Giving a baby a birthday gift has been a Western tradition for generations, but baby showers didn't become popular until the Baby Boom of the 1940s and 1950s. It is important that you uphold gift-giving etiquette when giving a friend or relative a baby gift.
It has become popularfor a mother to register on a baby website or at a store, the same way a bride and groom register for gifts. If you're a new mother, it is perfectly polite to do so. When giving a gift to a new mom, you can choose to buy a gift from the registry or to strike out on your own. Either is perfectly acceptable. If you decide to buy "off of the registry", then opting for a gender-specific, personalized baby blanket is a good bet.
If you've been invited to a baby shower and cannot attend, gift-giving expert Leah Ingram says you're not required to then give something to the mother-to-be. A no RSVP usually means "no gift," but you can send one later if you would like.

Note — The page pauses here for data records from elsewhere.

Theorem lemma24 (R : realType) (T : finType) (E : rel T) (D : {set T}) :
  (0 < #|T|)%N ->
  strongly_observable E ->
  OODS_output E D ->
  ((#|D|%:Z <=
      Num.ceil ((alpha E)%:R * (1 + 2 * ln ((#|T|%:R : R) / (alpha E)%:R)))) /\
   ((acyclic E [set: T] \/ undirected E) -> (#|D| <= alpha E)%N)).
Proof.
move=> T_gt0 obsE runD; split; last first.
  by move=> acyclic_or_undirected; apply/independent_le_alpha/(oods_run_independent runD).
have a_gt0 := alpha_gt0 E T_gt0.
have [g [Dg Ig phig]] := oods_run_greedy_count R obsE a_gt0 runD.
have [I indI cardI] := alpha_witness E.
have gaK : (g + alpha E <= #|T|)%N by rewrite -cardI -cardsT Ig ?subsetT.
rewrite cardsT in phig; have := phi_bound a_gt0 gaK phig.
rewrite -ltzD1 -ltrBlDr ceil_gt_int intrB.
have : #|D|%:R <= g%:R + (alpha E)%:R :> R by rewrite -natrD ler_nat.
lra.
Qed.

Leah Ingram states that it is perfectly okay for you to give parents money in lieu of a baby gift. If you're a parent, it is not polite to request money for your child or for her college fund. If you like, you can request that relatives and friends give a donation in your child's name to a good cause in lieu of a gift. Instead of writing your request on an invitation, Leah Ingram suggests that you slip a card in the invitation about your cause and what a donation will do to help the recipients.
Before buying a doll or stuffed animal, talk to the parents about what they already have. It is perfectly acceptable to buy items that aren't listed on the parents' registry, but you don't want to stick the parents with a plethora of stuffed animals that look exactly alike--especially if it turns out that that is all the child receives. If you'd like to do something a little more creative, RedEnvelope offers a baby gift basket with a stuffed animal and baby necessities such as booties, caps, onesies, receiving cloths, washcloths and hangers.
Thank You Notes
If you're receiving baby gifts, you must send out thank-you cards. Although many may see this as an outdated custom, some consider it impolite not to do so. Keep a small notebook with the names and gifts each person has given you to make it easier.